*** RECORD EXCERPTS Section Begins ***

(* Fix integers $k \ge 2$ and $1 \le t \le k$. Let $X$ be a set of $n$ elements carrying a fixed but unknown total order, and suppose we have a $(k,t)$ scale, which on input any $k$-element subset of $X$ returns the $t$-th smallest element of that subset. Let $S$ be the set of the $t-1$ smallest elements of $X$ and $L$ the set of the $k-t$ largest elements of $X$. Then there is an adaptive (on-line) procedure, using $O(n \log n)$ queries (for fixed $k$ and $t$, as $n \to \infty$), which identifies the set $S \cup L$ and determines the relative order of all elements of $X \setminus (S \cup L)$; if the scale is symmetric, i.e. $t = (k+1)/2$, the order is determined up to reversal.
   Context: A query consists of submitting a $k$-element subset of $X$ to the scale and receiving its output. In the on-line setting each query may be chosen depending on the results of previous queries. The ordering of the elements of $S$ and of $L$ can never be determined, since these elements are never returned by any query. *)

From mathcomp Require Import all_boot all_order all_fingroup.
Set Implicit Arguments. Unset Strict Implicit. Unset Printing Implicit Defensive.

(* The ground set X is 'I_n.  The unknown total order is encoded by a
   permutation p : {perm 'I_n}; p x is the (0-based) rank of x, so
   x is smaller than y iff p x < p y. *)

Definition scale (t n : nat) (p : {perm 'I_n}) (A : {set 'I_n}) : option 'I_n :=
  [pick x in A | #|[set y in A | p y < p x]| == t.-1].

(* Adaptive (on-line) query procedures = decision trees.  A leaf outputs
   a candidate for S ∪ L together with a sequence listing the remaining
   elements in (claimed) increasing order. *)
Inductive qtree (n : nat) : Type :=
| QLeaf of {set 'I_n} * seq 'I_n
| QAsk of {set 'I_n} & ('I_n -> qtree n).

Fixpoint run (k t n : nat) (p : {perm 'I_n}) (T : qtree n)
  : option (nat * ({set 'I_n} * seq 'I_n)) :=
  match T with
  | QLeaf o => Some (0, o)
  | QAsk A f =>
      if #|A| == k then
        match scale t p A with
        | Some x => omap (fun r => (r.1.+1, r.2)) (run k t p (f x))
        | None => None
        end
      else None
  end.
Lemma is_lim_exp_opp_mul_pow k : is_lim (fun B => exp (- B) * B ^ k) p_infty 0.
Proof.
  pose proof (INR_fact_lt_0 (S k)) as Hc.
  set (c := INR (fact (S k))) in *.
  apply (is_lim_le_le_loc (fun _ => 0) (fun B => c * / B)).
  - exists 0. intros B HB. split.
    + apply Rmult_le_pos; [apply Rlt_le, exp_pos | apply pow_le; lra].
    + pose proof (pow_div_fact_le_exp B (S k) (Rlt_le _ _ HB)) as H.
      pose proof (exp_pos B). fold c in H.
      rewrite exp_Ropp. simpl pow in H.
      apply (Rmult_le_reg_l (exp B * B / c)); [apply Rdiv_lt_0_compat; nra|].
      replace (exp B * B / c * (/ exp B * B ^ k)) with (B * B ^ k / c)
        by (field; repeat split; lra).
      replace (exp B * B / c * (c * / B)) with (exp B) by (field; repeat split; lra).
      exact H.
  - apply is_lim_const.
  - replace (Finite 0) with (Rbar_mult c (Rbar_inv p_infty)) by (simpl; f_equal; ring).
    apply is_lim_scal_l, is_lim_inv; [apply is_lim_id | discriminate].
Qed.

Lemma sum_f_R0_eq_of_vanish (f : nat -> R) N M :
  (N <= M)%nat -> (forall j, (N < j)%nat -> f j = 0) -> sum_f_R0 f M = sum_f_R0 f N.
Proof.
  intros HM Hf. induction HM as [|M HM IH]; [reflexivity|].
  rewrite tech5, IH, Hf by lia. ring.
Qed.

Lemma sum_f_R0_mult_l (f : nat -> R) c N : sum_f_R0 (fun j => c * f j) N = c * sum_f_R0 f N.
Proof. induction N as [|N IH]; simpl; [|rewrite IH]; ring. Qed.

Lemma is_lim_seq_Series_tail (a : nat -> R) :
  ex_series a -> is_lim_seq (fun K => Series (fun k => a (S K + k)%nat)) 0.
Proof.
  intros Ha.
  apply (is_lim_seq_ext (fun K => Series a - sum_n a K)).
  { intros K. rewrite sum_n_Reals, (Series_incr_n a (S K)) by (auto || lia). simpl. ring. }
  replace (Finite 0) with (Finite (Series a - Series a)) by (f_equal; ring).
  apply is_lim_seq_minus'; [apply is_lim_seq_const | apply Series_correct, Ha].
Qed.

Lemma is_lim_sum_f_R0 (g : nat -> R -> R) (l : nat -> R) (x : Rbar) K :
  (forall k, is_lim (g k) x (l k)) ->
  is_lim (fun B => sum_f_R0 (fun k => g k B) K) x (sum_f_R0 l K).
Proof.
  intros Hg. induction K as [|K IH]; [apply Hg|].
  apply is_lim_plus'; [exact IH | apply Hg].
Qed.

Lemma is_lim_uniform_approx (f : R -> R) (g : nat -> R -> R) (lg d : nat -> R) (L : R) :
  (forall K B, 0 <= B -> Rabs (f B - g K B) <= d K) ->
  (forall K, is_lim (g K) p_infty (lg K)) -> is_lim_seq lg L -> is_lim_seq d 0 ->
  is_lim f p_infty L.
Proof.
  intros Hfg Hg Hlg Hd. apply is_lim_spec. intros eps.
  assert (He3 : 0 < eps / 3) by (pose proof (cond_pos eps); lra).
  destruct (proj2 (is_lim_seq_spec lg L) Hlg (mkposreal _ He3)) as [N1 HN1].
  destruct (proj2 (is_lim_seq_spec d 0) Hd (mkposreal _ He3)) as [N2 HN2].
  set (K := max N1 N2).
  destruct (proj2 (is_lim_spec (g K) p_infty (lg K)) (Hg K) (mkposreal _ He3)) as [M HM].
  exists (Rmax M 0). intros B HB.
  pose proof (Rmax_l M 0). pose proof (Rmax_r M 0).
  specialize (HN1 K (Nat.le_max_l _ _)). specialize (HN2 K (Nat.le_max_r _ _)).
  specialize (HM B ltac:(lra)). specialize (Hfg K B ltac:(lra)). simpl in *.
  rewrite Rminus_0_r in HN2. pose proof (Rle_abs (d K)).
  replace (f B - L) with ((f B - g K B) + (g K B - lg K) + (lg K - L)) by ring.
  eapply Rle_lt_trans; [apply Rabs_triang|].
  eapply Rle_lt_trans; [apply Rplus_le_compat_r, Rabs_triang|].
  lra.
Qed.

Lemma is_RInt_gen_of_is_lim (f : R -> R) (l : R) :
  (forall B, 0 <= B -> ex_RInt f 0 B) -> is_lim (fun B => RInt f 0 B) p_infty l ->
  is_RInt_gen f (at_point 0) (Rbar_locally p_infty) l.
Proof.
  intros Hex Hl P [eps HP].
  destruct (proj2 (is_lim_spec _ p_infty l) Hl eps) as [M HM].
  apply (Filter_prod _ _ _ (fun x => x = 0) (fun B => Rmax M 0 < B));
    [reflexivity | now exists (Rmax M 0) |].
  intros x B -> HB. pose proof (Rmax_l M 0). pose proof (Rmax_r M 0).
  exists (RInt f 0 B). split.
  - apply (RInt_correct (V := R_CompleteNormedModule)), Hex. lra.
  - apply HP, HM. lra.
Qed.

(** * Bessel's equation and the bound |J0| <= 1 *)

Definition J0_coef (k : nat) : R := (-1) ^ k / INR (fact k) ^ 2.

Lemma J0_coef_le_inv_fact k : Rabs (J0_coef k) <= / INR (fact k).
Proof.
  unfold J0_coef, Rdiv. rewrite Rabs_mult, pow_1_abs, Rmult_1_l.
  pose proof (INR_fact_ge_1 k).
  rewrite Rabs_pos_eq by (apply Rlt_le, Rinv_0_lt_compat, pow_lt; lra).
  apply Rinv_le_contravar; [lra | simpl; nra].
Qed.

Lemma J0_coef_S n : J0_coef (S n) = - J0_coef n / INR (S n) ^ 2.
Proof.
  unfold J0_coef. rewrite fact_simpl, mult_INR.
  pose proof (INR_fact_lt_0 n). pose proof (lt_0_INR (S n) (Nat.lt_0_succ n)).
  set (s := INR (S n)) in *. set (f := INR (fact n)) in *. simpl pow. field. lra.
Qed.

Lemma J0_PSeries x : J0 x = PSeries J0_coef (x ^ 2 / 4).
Proof.
  unfold J0, PSeries. apply Series_ext; intros k.
  rewrite pow_mult. replace ((x / 2) ^ 2) with (x ^ 2 / 4) by field.
  unfold J0_coef. pose proof (INR_fact_lt_0 k). field. lra.
Qed.

Lemma CV_radius_J0_coef : CV_radius J0_coef = p_infty.
Proof. apply CV_radius_le_inv_fact, J0_coef_le_inv_fact. Qed.
(* Let $\Omega$ be the unit square (if $d=2$) or the unit cube (if $d=3$), and let $\vec u:\Omega\times[0,T]\to\mathbb{R}^d$ with $\vec u\in C^0([0,T];W^{1,\infty}(\Omega))$ satisfy $\vec u\cdot\vec n=0$ on $\partial\Omega$, where $\vec n$ is the outward unit normal. Let $0<\Delta t<T$ be such that $\Delta t\,\|\vec u\|_{C^0([0,T];W^{1,\infty}(\Omega))}<1$. For $\vec x\in\Omega$ and $t\in[\Delta t,T]$ define $\vec y^t_{\Delta t}(\vec x)=\vec x-\Delta t\,\vec u(\vec x,t)$. Then for every $\vec x\in\Omega$ and every $t\in[\Delta t,T]$, $\vec y^t_{\Delta t}(\vec x)\in\Omega$. *)

From HB Require Import structures.
From mathcomp Require Import all_boot all_order all_algebra.
From mathcomp Require Import reals.
Set Implicit Arguments. Unset Strict Implicit. Unset Printing Implicit Defensive.
Import Order.TTheory GRing.Theory Num.Theory.
Local Open Scope ring_scope.

Definition vec (R : realType) (d : nat) := 'I_d -> R.

Definition enorm (R : realType) (d : nat) (v : vec R d) : R :=
  Num.sqrt (\sum_(i < d) v i ^+ 2).

Definition vsub (R : realType) (d : nat) (v w : vec R d) : vec R d :=
  fun i => v i - w i.

Definition in_Omega (R : realType) (d : nat) (x : vec R d) : Prop :=
  forall i : 'I_d, 0 < x i < 1.
Definition in_cl_Omega (R : realType) (d : nat) (x : vec R d) : Prop :=
  forall i : 'I_d, 0 <= x i <= 1.

(* ||f||_{W^{1,infty}(Omega)} <= N, for f : Omega-bar -> R^d, with the
   W^{1,infty} norm max(||f||_infty, ||grad f||_infty); on the convex domain
   Omega, ||grad f||_infty (operator norm of the Jacobian w.r.t. the Euclidean
   norm) is the best Lipschitz constant of (the continuous representative of) f. *)
Definition W1inf_le (R : realType) (d : nat) (f : vec R d -> vec R d) (N : R)
  : Prop :=
  (forall x, in_cl_Omega x -> enorm (f x) <= N) /\
  (forall x y, in_cl_Omega x -> in_cl_Omega y ->
     enorm (vsub (f x) (f y)) <= N * enorm (vsub x y)).

Definition in_W1inf (R : realType) (d : nat) (f : vec R d -> vec R d) : Prop :=
  exists N : R, W1inf_le f N.

Definition in_C0_W1inf (R : realType) (d : nat) (T : R)
  (u : vec R d -> R -> vec R d) : Prop :=
  (forall t, 0 <= t <= T -> in_W1inf (fun x => u x t)) /\
  (forall t0, 0 <= t0 <= T -> forall eps : R, 0 < eps ->
     exists2 delta : R, 0 < delta &
       forall t, 0 <= t <= T -> `|t - t0| < delta ->
         W1inf_le (fun x => vsub (u x t) (u x t0)) eps).

Definition C0W1inf_le (R : realType) (d : nat) (T : R)
  (u : vec R d -> R -> vec R d) (N : R) : Prop :=
  forall t, 0 <= t <= T -> W1inf_le (fun x => u x t) N.

(* u . n = 0 on the boundary of the unit square/cube: on the faces
   {x_i = 0} and {x_i = 1} the outward normal is -e_i resp. e_i. *)
Definition no_flux (R : realType) (d : nat) (T : R)
  (u : vec R d -> R -> vec R d) : Prop :=
  forall t, 0 <= t <= T -> forall x, in_cl_Omega x ->
    forall i : 'I_d, (x i = 0 \/ x i = 1) -> u x t i = 0.

Definition foot (R : realType) (d : nat) (u : vec R d -> R -> vec R d)
  (dt t : R) (x : vec R d) : vec R d :=
  fun i => x i - dt * u x t i.

From HB Require Import structures.
From mathcomp Require Import all_boot all_order all_algebra.
From mathcomp Require Import reals.
From mathcomp Require Import lra.
Import Order.TTheory GRing.Theory Num.Theory.
Local Open Scope ring_scope.

(* Moving x to the faces x_i = 0 and x_i = 1 changes x by
   x_i and 1 - x_i in the i-th coordinate only, and there u_i vanishes; so the
   Lipschitz bound gives |u_i(x,t)| <= N min(x_i, 1 - x_i).  Since dt N < 1 the
   displacement dt u_i(x,t) is then strictly smaller than the distance from x_i
   to either end of (0,1). *)

Section UnitCube.

Context {R : realType} {d : nat}.
Implicit Types (x v : vec R d) (i : 'I_d).

Definition set_coord x i (a : R) : vec R d :=
  fun j => if j == i then a else x j.

Lemma coord_le_enorm v i : `|v i| <= enorm v.
Proof.
rewrite /enorm -sqrtr_sqr; apply: ler_wsqrtr.
rewrite (bigD1 i) //= lerDl; apply: sumr_ge0 => j _; exact: sqr_ge0.
Qed.

Lemma enorm_vsub_set_coord x i a : enorm (vsub x (set_coord x i a)) = `|x i - a|.
Proof.
rewrite /enorm (bigD1 i) //= big1 ?addr0 => [|j /negbTE ji].
  by rewrite /vsub /set_coord eqxx sqrtr_sqr.
by rewrite /vsub /set_coord ji subrr expr0n.
Qed.

Lemma in_cl_Omega_set_coord {x} i {a} :
  in_cl_Omega x -> 0 <= a <= 1 -> in_cl_Omega (set_coord x i a).
Proof. by move=> xcl a01 j; rewrite /set_coord; case: eqP. Qed.

Lemma Lipschitz_coord_bound {f : vec R d -> vec R d} {N : R} {x} i {a} :
  W1inf_le f N -> in_cl_Omega x -> 0 <= a <= 1 ->
  f (set_coord x i a) i = 0 -> `|f x i| <= N * `|x i - a|.
Proof.
move=> [_ Lip] xcl a01 fa0.
rewrite -enorm_vsub_set_coord.
apply: (le_trans _ (Lip _ _ xcl (in_cl_Omega_set_coord i xcl a01))).
have := coord_le_enorm (vsub (f x) (f (set_coord x i a))) i.
by rewrite /vsub fa0 subr0.
Qed.

End UnitCube.

Lemma sub_scaled_in_unit_interval {R : realFieldType} {a h v N : R} :
  0 < a < 1 -> 0 < h -> h * N < 1 ->
  `|v| <= N * a -> `|v| <= N * (1 - a) -> 0 < a - h * v < 1.
Proof.
move=> /andP[a0 a1] h0 hN /ler_normlP[_ v_le] /ler_normlP[v_ge _].
have hv_le : h * v <= h * N * a by rewrite -mulrA ler_pM2l.
have hv_ge : h * - v <= h * N * (1 - a) by rewrite -mulrA ler_pM2l.
have hNa : h * N * a < a by rewrite -[ltRHS]mul1r ltr_pM2r.
have hNa' : h * N * (1 - a) < 1 - a by rewrite -[ltRHS]mul1r ltr_pM2r ?subr_gt0.
by apply/andP; split; lra.
Qed.

Theorem lemma2 (R : realType) (d : nat) (T dt : R)
  (u : vec R d -> R -> vec R d) :
  (d = 2 \/ d = 3)%N ->
  in_C0_W1inf T u ->
  no_flux T u ->
  0 < dt -> dt < T ->
  (exists N : R, C0W1inf_le T u N /\ dt * N < 1) ->
  forall (x : vec R d) (t : R), in_Omega x -> dt <= t <= T ->
    in_Omega (foot u dt t x).
Proof.
move=> _ _ nf dt0 _ [N [uN dtN]] x t xO /andP[dtt tT] i.
have t0T : 0 <= t <= T by rewrite tT (le_trans (ltW dt0) dtt).
have xcl : in_cl_Omega x by move=> j; have /andP[? ?] := xO j; rewrite !ltW.
have face_bound a : (a = 0 \/ a = 1) -> `|u x t i| <= N * `|x i - a|.
  move=> a01; have a01' : 0 <= a <= 1 by case: a01 => ->; rewrite ?lexx ?ler01.
  apply: (Lipschitz_coord_bound i (uN t t0T) xcl a01').
  apply: nf => //; first exact: in_cl_Omega_set_coord.
  by rewrite /set_coord eqxx.
have /andP[xi0 xi1] := xO i.
have bound0 := face_bound 0 (or_introl erefl).
have bound1 := face_bound 1 (or_intror erefl).
rewrite subr0 (gtr0_norm xi0) in bound0.
rewrite distrC [`|1 - _|]gtr0_norm ?subr_gt0 // in bound1.
by rewrite /foot (sub_scaled_in_unit_interval _ dt0 dtN bound0 bound1) ?xi0.
Qed.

*** RECORD EXCERPTS Section Ends ***

ABOUT THIS EXERCISE
Where in the records does the string "reflexivity" appear? Copy every line that has it.

ANSWER TO THE EXERCISE
  intros HM Hf. induction HM as [|M HM IH]; [reflexivity|].
    [reflexivity | now exists (Rmax M 0) |].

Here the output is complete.